● AIM OF THE EXERCISE: Lines from the one containing "move: m; apply: nat_down_ind" through the final line of the records are the only ones to copy, and each must match exactly.

----- DATA SUPPLIED

Lemma F_rec m : (1 <= m)%N -> (m.+2 <= N)%N ->
  F m = f m * F m.+1 + ('X_l + (beta m)%:MP) * F m.+2.
Proof.
move=> hm hmN; rewrite F_Dop_rec // /Dop; congr (_ + _ * _).
have F2_free : dv m (F m.+2) = 0 by rewrite dv_F_out //; lia.
rewrite dvM dv_fv_neq ?mul0r ?add0r ?dv_F_head; try lia.
by rewrite dvM dv_fv_eq ?F2_free ?mul1r ?mulr0 ?addr0 //; lia.
Qed.

Lemma pbr_fv_F1 m : (1 <= m)%N -> (m.+2 <= N)%N -> pbr (f m) (F m.+1) = - F m.+2.
Proof.
move=> hm hmN; rewrite pbr_fv_shift ?dv_F_head //; try lia.
- by move=> k hk; rewrite dv_F_out //; lia.
- by rewrite dv_F_out //; lia.
Qed.

Lemma pbr_fv_F2 m : (1 <= m)%N -> (m.+2 <= N)%N -> pbr (f m) (F m.+2) = 0.
Proof.
move=> hm hmN; rewrite pbr_fv_shift ?dv_F_out ?oppr0 //; try lia.
by move=> k hk; rewrite dv_F_out //; lia.
Qed.

End TransferRecurrence.

Section BracketStep.
Variables (R : fieldType) (N : nat).
Local Notation P := {mpoly R[N.+2]}.

(* The relations of the theorem for (A_i, B_i) = (F_m(l_i), F_(m+1)(l_i)),
   with the denominator d = l_1 - l_2 cleared. *)
Definition bracket_rel (d A1 B1 A2 B2 : P) :=
  [/\ pbr A1 A2 = 0, pbr B1 B2 = 0 & d * pbr A1 B2 = B1 * A2 - A1 * B2].

Lemma bracket_rel_step (f c1 c2 A1 B1 A2 B2 : P) :
  coord_const c1 -> coord_const c2 -> c1 - c2 != 0 ->
  pbr f f = 0 -> pbr f A1 = - B1 -> pbr f A2 = - B2 -> pbr f B1 = 0 -> pbr f B2 = 0 ->
  bracket_rel (c1 - c2) A1 B1 A2 B2 -> bracket_rel (c2 - c1) A2 B2 A1 B1 ->
  bracket_rel (c1 - c2) (f * A1 + c1 * B1) A1 (f * A2 + c2 * B2) A2.
Proof.
move=> c1_const c2_const c12_neq0 ff fA1 fA2 fB1 fB2 [AA BB A1B2] [_ _ A2B1].
have A1f : pbr A1 f = B1 by rewrite pbr_anti fA1 opprK.
have A2f : pbr A2 f = B2 by rewrite pbr_anti fA2 opprK.
have B1f : pbr B1 f = 0 by rewrite pbr_anti fB1 oppr0.
have B1A2 : pbr B1 A2 = - pbr A2 B1 by rewrite pbr_anti.
split=> //.
  apply/(mulfI c12_neq0); rewrite mulr0.
  rewrite !pbrDl !pbrDr !pbrMl !pbrMr !(pbr_coord_constl _ c1_const) !(pbr_coord_constr _ c2_const).
  rewrite ff fA2 fB2 AA BB A1f B1f B1A2.
  transitivity (f * c2 * ((c1 - c2) * pbr A1 B2 - (B1 * A2 - A1 * B2))
     + c1 * f * ((c2 - c1) * pbr A2 B1 - (B2 * A1 - A2 * B1))); first ring.
  by rewrite A1B2 A2B1 !subrr !mulr0 addr0.
rewrite !pbrDl !pbrMl (pbr_coord_constl _ c1_const) fA2 AA B1A2.
transitivity (- (c1 - c2) * A1 * B2 + c1 * ((c2 - c1) * pbr A2 B1)); first ring.
by rewrite A2B1; ring.
Qed.

End BracketStep.

Lemma bracket_rel_F (R : fieldType) (N : nat) (beta : nat -> R) m : (1 <= m < N)%N ->
  forall l1 l2 : 'I_N.+2, (N <= l1)%N -> (N <= l2)%N -> l1 != l2 ->
  bracket_rel ('X_l1 - 'X_l2)
    (F beta m l1) (F beta m.+1 l1) (F beta m l2) (F beta m.+1 l2).
Proof.
move=> hm; have N_gt1 : (1 < N)%N by lia.
have N_gt0 : (0 < N)%N by lia.
have {hm} : (1 <= m <= N.-1)%N by lia.
move: m; apply: nat_down_ind => [|m hm IHm] l1 l2 hl1 hl2 ne.
  rewrite (_ : N.-1.+1 = N); last by lia.
  rewrite !F_N // !F_pred_N; split.
  - by apply: pbr_fv_fv; lia.
  - by apply: pbr_coord_constl; apply: coord_const1.
  - by rewrite pbr_coord_constr ?mulr0 ?mul1r ?mulr1 ?subrr //; apply: coord_const1.
have hm1 : (1 <= m)%N by lia.
have hmN : (m.+2 <= N)%N by lia.
pose c (i : 'I_N.+2) : {mpoly R[N.+2]} := 'X_i + (beta m)%:MP.
have X_shift (i j : 'I_N.+2) : 'X_i - 'X_j = c i - c j by rewrite /c; ring.
rewrite (F_rec beta N_gt0 hl1 hm1 hmN) (F_rec beta N_gt0 hl2 hm1 hmN) X_shift.
apply: bracket_rel_step; rewrite -?X_shift.
- exact: coord_const_param.
- exact: coord_const_param.
- exact: mpolyX_sub_neq0.
- by apply: pbr_fv_fv; lia.
- exact: pbr_fv_F1.
- exact: pbr_fv_F1.
- exact: pbr_fv_F2.
- exact: pbr_fv_F2.
- exact: IHm.
- by apply: IHm; rewrite // eq_sym.
Qed.

Theorem mainTheorem8 (R : fieldType) (N : nat) (beta : nat -> R) :
  (3 <= N)%N ->
  forall n : nat, (n <= N - 3)%N ->
    [/\ pbr (F beta n.+1 (lamv N)) (F beta n.+1 (muv N)) = 0,
        pbr (F beta n.+2 (lamv N)) (F beta n.+2 (muv N)) = 0
      & ('X_(lamv N) - 'X_(muv N)) *
          pbr (F beta n.+1 (lamv N)) (F beta n.+2 (muv N))
        = F beta n.+2 (lamv N) * F beta n.+1 (muv N)
          - F beta n.+1 (lamv N) * F beta n.+2 (muv N)].
Proof.
move=> hN n hn.
have lam_param : (N <= lamv N)%N by rewrite /lamv inordK.
have mu_param : (N <= muv N)%N by rewrite /muv inordK.
have lam_neq_mu : lamv N != muv N.
  by apply/eqP => /(congr1 val); rewrite /lamv /muv /= !inordK //; lia.
have hm : (1 <= n.+1 < N)%N by lia.
by have [] := bracket_rel_F beta hm lam_param mu_param lam_neq_mu.
Qed.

----------

● TASK RESPONSE:
move: m; apply: nat_down_ind => [|m hm IHm] l1 l2 hl1 hl2 ne.
  rewrite (_ : N.-1.+1 = N); last by lia.
  rewrite !F_N // !F_pred_N; split.
  - by apply: pbr_fv_fv; lia.
  - by apply: pbr_coord_constl; apply: coord_const1.
  - by rewrite pbr_coord_constr ?mulr0 ?mul1r ?mulr1 ?subrr //; apply: coord_const1.
have hm1 : (1 <= m)%N by lia.
have hmN : (m.+2 <= N)%N by lia.
pose c (i : 'I_N.+2) : {mpoly R[N.+2]} := 'X_i + (beta m)%:MP.
have X_shift (i j : 'I_N.+2) : 'X_i - 'X_j = c i - c j by rewrite /c; ring.
rewrite (F_rec beta N_gt0 hl1 hm1 hmN) (F_rec beta N_gt0 hl2 hm1 hmN) X_shift.
apply: bracket_rel_step; rewrite -?X_shift.
- exact: coord_const_param.
- exact: coord_const_param.
- exact: mpolyX_sub_neq0.
- by apply: pbr_fv_fv; lia.
- exact: pbr_fv_F1.
- exact: pbr_fv_F1.
- exact: pbr_fv_F2.
- exact: pbr_fv_F2.
- exact: IHm.
- by apply: IHm; rewrite // eq_sym.
Qed.

Theorem mainTheorem8 (R : fieldType) (N : nat) (beta : nat -> R) :
  (3 <= N)%N ->
  forall n : nat, (n <= N - 3)%N ->
    [/\ pbr (F beta n.+1 (lamv N)) (F beta n.+1 (muv N)) = 0,
        pbr (F beta n.+2 (lamv N)) (F beta n.+2 (muv N)) = 0
      & ('X_(lamv N) - 'X_(muv N)) *
          pbr (F beta n.+1 (lamv N)) (F beta n.+2 (muv N))
        = F beta n.+2 (lamv N) * F beta n.+1 (muv N)
          - F beta n.+1 (lamv N) * F beta n.+2 (muv N)].
Proof.
move=> hN n hn.
have lam_param : (N <= lamv N)%N by rewrite /lamv inordK.
have mu_param : (N <= muv N)%N by rewrite /muv inordK.
have lam_neq_mu : lamv N != muv N.
  by apply/eqP => /(congr1 val); rewrite /lamv /muv /= !inordK //; lia.
have hm : (1 <= n.+1 < N)%N by lia.
by have [] := bracket_rel_F beta hm lam_param mu_param lam_neq_mu.
Qed.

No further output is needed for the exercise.